▶ **How to complete this task**: Repeat verbatim, and only, the lines of the data below, beginning at the line that contains "move=> Gt t4;" and stopping after the line that contains "move=> p_pr x_pn1".

▶ **Dataset records**:
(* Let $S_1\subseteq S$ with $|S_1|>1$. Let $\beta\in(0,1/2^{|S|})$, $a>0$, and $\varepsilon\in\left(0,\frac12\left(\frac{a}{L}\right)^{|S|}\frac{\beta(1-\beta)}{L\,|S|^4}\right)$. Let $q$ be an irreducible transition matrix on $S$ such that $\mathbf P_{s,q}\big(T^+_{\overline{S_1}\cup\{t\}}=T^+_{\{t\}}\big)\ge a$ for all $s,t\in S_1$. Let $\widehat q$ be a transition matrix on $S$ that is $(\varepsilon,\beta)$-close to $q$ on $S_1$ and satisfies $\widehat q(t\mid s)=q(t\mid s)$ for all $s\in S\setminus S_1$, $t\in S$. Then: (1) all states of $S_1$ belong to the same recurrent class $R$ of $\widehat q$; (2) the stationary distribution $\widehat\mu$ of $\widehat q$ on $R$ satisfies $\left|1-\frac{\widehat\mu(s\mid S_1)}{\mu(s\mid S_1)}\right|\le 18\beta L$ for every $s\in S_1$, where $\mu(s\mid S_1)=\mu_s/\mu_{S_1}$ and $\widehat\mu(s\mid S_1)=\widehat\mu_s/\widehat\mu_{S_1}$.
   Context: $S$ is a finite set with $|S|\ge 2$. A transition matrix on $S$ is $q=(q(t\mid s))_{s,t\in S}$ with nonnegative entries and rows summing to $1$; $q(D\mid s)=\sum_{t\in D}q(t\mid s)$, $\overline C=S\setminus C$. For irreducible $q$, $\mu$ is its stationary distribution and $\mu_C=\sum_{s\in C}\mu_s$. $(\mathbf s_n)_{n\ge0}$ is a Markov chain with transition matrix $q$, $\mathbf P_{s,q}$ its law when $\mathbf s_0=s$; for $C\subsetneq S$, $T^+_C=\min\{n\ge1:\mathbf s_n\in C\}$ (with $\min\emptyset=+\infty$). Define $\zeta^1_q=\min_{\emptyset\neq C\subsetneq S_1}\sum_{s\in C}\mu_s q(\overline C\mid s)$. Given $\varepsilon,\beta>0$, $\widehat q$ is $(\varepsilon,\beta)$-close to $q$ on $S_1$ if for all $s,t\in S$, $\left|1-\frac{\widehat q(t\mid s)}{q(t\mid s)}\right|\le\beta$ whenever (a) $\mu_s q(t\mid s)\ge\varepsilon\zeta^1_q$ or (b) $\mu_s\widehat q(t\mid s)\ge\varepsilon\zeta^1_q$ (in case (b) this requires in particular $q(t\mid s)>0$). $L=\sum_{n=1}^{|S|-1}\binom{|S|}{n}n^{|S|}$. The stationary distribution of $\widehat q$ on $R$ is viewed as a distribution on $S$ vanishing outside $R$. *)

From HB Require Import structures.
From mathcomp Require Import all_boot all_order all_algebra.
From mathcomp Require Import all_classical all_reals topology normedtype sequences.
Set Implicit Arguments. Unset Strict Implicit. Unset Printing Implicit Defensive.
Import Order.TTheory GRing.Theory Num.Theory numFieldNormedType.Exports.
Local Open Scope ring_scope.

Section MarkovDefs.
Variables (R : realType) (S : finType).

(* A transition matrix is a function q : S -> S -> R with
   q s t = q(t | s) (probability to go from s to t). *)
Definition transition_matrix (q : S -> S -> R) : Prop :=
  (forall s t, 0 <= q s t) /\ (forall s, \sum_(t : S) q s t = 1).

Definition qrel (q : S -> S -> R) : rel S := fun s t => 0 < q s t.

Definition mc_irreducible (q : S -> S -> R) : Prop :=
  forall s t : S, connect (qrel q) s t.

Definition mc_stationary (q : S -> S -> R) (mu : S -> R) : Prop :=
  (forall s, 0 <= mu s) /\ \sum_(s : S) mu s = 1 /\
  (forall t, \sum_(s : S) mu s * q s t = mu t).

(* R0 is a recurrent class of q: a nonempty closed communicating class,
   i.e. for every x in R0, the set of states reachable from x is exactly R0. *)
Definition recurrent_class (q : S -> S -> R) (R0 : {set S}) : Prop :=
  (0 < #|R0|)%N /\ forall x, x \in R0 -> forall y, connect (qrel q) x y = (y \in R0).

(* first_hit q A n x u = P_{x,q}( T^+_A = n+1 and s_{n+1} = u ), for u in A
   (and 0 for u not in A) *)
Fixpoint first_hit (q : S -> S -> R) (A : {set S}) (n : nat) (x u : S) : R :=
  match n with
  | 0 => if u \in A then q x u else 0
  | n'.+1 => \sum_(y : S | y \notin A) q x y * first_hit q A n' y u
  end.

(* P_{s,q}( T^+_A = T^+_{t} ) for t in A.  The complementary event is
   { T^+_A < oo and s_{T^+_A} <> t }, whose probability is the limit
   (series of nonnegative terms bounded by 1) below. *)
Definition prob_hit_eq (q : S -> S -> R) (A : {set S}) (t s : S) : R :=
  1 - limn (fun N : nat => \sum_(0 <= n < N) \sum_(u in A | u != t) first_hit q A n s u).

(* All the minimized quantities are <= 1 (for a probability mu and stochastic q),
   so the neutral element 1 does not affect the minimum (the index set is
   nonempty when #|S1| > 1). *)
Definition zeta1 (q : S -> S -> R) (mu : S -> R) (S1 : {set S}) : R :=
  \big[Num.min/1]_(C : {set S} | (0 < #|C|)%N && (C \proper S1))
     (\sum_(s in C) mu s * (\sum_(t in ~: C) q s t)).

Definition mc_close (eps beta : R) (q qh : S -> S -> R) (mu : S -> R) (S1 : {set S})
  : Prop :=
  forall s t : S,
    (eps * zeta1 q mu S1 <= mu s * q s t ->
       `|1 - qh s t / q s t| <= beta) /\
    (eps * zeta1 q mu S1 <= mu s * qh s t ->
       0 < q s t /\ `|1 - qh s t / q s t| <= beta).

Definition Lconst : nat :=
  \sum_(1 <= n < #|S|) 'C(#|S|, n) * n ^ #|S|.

...

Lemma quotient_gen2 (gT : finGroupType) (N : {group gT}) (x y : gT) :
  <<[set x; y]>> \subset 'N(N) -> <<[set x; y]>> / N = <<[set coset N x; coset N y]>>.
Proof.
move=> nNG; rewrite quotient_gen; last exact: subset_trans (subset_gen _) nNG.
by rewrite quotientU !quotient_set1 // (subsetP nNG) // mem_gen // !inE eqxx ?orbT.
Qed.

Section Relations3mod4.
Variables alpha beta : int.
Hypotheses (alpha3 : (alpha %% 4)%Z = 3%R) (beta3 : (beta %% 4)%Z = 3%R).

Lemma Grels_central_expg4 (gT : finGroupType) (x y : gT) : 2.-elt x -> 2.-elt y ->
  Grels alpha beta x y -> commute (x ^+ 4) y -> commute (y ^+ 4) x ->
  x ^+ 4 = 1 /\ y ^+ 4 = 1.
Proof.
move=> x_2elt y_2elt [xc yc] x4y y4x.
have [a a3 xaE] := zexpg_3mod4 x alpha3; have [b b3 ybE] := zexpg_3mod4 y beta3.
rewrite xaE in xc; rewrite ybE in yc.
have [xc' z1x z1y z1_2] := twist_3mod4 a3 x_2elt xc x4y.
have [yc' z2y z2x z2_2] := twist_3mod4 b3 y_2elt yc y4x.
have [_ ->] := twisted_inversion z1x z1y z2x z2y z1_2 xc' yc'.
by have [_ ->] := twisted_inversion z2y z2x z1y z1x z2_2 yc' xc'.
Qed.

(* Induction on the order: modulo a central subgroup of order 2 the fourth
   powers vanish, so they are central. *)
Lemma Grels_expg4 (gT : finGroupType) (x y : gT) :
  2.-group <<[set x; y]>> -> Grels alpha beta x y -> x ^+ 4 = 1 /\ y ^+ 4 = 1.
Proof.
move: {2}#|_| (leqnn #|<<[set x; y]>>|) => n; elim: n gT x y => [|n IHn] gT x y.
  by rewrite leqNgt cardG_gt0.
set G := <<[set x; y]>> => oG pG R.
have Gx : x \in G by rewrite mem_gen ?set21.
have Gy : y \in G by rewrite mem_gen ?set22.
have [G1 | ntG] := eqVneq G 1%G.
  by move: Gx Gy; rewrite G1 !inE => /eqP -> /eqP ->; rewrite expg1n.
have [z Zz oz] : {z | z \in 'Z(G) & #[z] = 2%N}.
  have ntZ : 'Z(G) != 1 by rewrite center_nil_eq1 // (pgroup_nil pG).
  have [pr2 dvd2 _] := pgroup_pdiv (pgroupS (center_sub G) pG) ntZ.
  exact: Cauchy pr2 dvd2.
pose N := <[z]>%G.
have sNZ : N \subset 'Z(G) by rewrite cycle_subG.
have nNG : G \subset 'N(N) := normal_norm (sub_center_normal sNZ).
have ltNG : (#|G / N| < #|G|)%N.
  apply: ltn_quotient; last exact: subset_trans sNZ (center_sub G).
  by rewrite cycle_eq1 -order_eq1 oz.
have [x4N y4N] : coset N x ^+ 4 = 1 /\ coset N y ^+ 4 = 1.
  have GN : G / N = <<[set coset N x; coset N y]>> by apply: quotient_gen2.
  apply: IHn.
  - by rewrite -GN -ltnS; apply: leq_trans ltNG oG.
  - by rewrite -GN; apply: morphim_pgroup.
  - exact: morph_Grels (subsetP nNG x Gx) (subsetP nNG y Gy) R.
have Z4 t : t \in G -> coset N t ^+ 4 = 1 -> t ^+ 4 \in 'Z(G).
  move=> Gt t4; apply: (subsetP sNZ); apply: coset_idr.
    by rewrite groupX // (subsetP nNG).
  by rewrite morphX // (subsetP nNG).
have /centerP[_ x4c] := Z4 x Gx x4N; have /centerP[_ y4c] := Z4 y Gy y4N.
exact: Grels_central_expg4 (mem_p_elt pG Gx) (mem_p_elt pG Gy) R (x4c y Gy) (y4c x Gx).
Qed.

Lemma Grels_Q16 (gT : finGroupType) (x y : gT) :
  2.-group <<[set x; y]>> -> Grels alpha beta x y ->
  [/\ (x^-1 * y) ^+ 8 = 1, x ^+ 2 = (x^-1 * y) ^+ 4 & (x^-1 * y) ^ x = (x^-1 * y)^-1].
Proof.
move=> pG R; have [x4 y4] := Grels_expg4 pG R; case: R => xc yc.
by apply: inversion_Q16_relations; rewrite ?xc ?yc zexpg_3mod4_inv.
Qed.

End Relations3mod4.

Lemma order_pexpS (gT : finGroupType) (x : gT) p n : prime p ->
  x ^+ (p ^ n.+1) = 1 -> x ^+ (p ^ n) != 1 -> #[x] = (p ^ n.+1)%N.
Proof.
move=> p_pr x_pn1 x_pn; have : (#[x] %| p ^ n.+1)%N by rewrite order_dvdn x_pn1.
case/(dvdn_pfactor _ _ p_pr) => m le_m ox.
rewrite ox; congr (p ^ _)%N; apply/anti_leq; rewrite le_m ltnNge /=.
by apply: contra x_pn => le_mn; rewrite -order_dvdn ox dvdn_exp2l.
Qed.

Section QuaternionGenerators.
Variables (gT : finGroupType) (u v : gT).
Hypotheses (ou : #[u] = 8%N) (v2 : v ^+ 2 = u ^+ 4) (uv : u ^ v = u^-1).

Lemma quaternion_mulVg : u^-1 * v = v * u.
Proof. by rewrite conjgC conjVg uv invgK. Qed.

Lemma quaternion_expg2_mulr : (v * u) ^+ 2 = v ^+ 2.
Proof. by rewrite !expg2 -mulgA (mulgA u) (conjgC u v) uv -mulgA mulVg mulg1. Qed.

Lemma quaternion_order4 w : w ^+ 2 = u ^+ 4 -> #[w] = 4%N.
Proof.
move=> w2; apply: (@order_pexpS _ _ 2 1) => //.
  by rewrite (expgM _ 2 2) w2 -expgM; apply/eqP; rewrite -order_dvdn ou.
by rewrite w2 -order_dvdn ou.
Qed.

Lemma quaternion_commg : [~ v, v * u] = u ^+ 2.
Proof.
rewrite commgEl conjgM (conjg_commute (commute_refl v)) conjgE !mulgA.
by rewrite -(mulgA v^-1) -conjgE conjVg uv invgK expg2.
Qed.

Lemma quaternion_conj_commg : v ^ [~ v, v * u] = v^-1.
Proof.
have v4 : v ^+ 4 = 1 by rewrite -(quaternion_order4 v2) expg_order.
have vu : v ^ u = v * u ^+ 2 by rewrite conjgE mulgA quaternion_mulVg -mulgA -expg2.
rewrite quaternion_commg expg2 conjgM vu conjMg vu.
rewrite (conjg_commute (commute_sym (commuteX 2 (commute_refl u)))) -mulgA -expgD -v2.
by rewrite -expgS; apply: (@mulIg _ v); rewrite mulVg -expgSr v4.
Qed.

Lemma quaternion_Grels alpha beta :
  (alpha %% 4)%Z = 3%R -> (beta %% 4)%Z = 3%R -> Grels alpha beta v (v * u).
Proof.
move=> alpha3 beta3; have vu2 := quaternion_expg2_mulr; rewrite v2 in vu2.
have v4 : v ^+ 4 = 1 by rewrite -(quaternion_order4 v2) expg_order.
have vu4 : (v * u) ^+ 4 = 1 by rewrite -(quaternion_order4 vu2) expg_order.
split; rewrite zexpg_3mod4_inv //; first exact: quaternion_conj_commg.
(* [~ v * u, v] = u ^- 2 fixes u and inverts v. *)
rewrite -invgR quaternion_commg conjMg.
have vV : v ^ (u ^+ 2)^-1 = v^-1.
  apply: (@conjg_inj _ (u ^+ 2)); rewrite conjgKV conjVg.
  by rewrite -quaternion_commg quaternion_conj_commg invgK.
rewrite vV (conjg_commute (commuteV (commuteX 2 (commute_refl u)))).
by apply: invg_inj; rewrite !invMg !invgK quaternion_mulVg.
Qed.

...

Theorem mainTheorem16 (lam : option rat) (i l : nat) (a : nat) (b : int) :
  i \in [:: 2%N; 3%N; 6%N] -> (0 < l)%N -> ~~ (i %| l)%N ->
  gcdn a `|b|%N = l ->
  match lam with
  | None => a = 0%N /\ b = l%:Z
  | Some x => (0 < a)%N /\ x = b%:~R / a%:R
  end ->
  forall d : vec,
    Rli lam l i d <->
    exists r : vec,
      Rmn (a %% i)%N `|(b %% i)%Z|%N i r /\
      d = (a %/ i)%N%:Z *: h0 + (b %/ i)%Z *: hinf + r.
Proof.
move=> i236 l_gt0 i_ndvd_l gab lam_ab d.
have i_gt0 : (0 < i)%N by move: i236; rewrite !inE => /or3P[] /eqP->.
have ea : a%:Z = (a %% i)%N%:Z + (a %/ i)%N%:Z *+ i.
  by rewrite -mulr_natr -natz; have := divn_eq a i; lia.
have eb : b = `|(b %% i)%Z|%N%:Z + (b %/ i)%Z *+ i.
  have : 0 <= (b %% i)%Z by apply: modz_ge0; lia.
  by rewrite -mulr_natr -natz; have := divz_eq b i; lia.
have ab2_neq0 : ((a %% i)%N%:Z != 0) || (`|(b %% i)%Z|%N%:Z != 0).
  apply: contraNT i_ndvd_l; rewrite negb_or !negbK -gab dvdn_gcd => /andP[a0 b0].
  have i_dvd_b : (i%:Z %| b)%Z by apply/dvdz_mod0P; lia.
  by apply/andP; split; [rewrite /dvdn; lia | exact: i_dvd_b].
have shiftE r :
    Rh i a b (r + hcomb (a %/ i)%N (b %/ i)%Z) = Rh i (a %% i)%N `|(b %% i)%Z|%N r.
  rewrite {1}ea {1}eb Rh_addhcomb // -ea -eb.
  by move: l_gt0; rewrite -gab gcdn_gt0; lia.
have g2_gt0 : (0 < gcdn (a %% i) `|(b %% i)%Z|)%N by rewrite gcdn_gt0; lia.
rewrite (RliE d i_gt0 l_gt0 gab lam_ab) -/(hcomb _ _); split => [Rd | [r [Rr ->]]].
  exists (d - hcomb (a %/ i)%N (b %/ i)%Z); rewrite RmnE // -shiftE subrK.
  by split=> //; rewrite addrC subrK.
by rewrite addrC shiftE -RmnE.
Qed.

▶ **Solved problem**:
  move=> Gt t4; apply: (subsetP sNZ); apply: coset_idr.
    by rewrite groupX // (subsetP nNG).
  by rewrite morphX // (subsetP nNG).
have /centerP[_ x4c] := Z4 x Gx x4N; have /centerP[_ y4c] := Z4 y Gy y4N.
exact: Grels_central_expg4 (mem_p_elt pG Gx) (mem_p_elt pG Gy) R (x4c y Gy) (y4c x Gx).
Qed.

Lemma Grels_Q16 (gT : finGroupType) (x y : gT) :
  2.-group <<[set x; y]>> -> Grels alpha beta x y ->
  [/\ (x^-1 * y) ^+ 8 = 1, x ^+ 2 = (x^-1 * y) ^+ 4 & (x^-1 * y) ^ x = (x^-1 * y)^-1].
Proof.
move=> pG R; have [x4 y4] := Grels_expg4 pG R; case: R => xc yc.
by apply: inversion_Q16_relations; rewrite ?xc ?yc zexpg_3mod4_inv.
Qed.

End Relations3mod4.

Lemma order_pexpS (gT : finGroupType) (x : gT) p n : prime p ->
  x ^+ (p ^ n.+1) = 1 -> x ^+ (p ^ n) != 1 -> #[x] = (p ^ n.+1)%N.
Proof.
move=> p_pr x_pn1 x_pn; have : (#[x] %| p ^ n.+1)%N by rewrite order_dvdn x_pn1.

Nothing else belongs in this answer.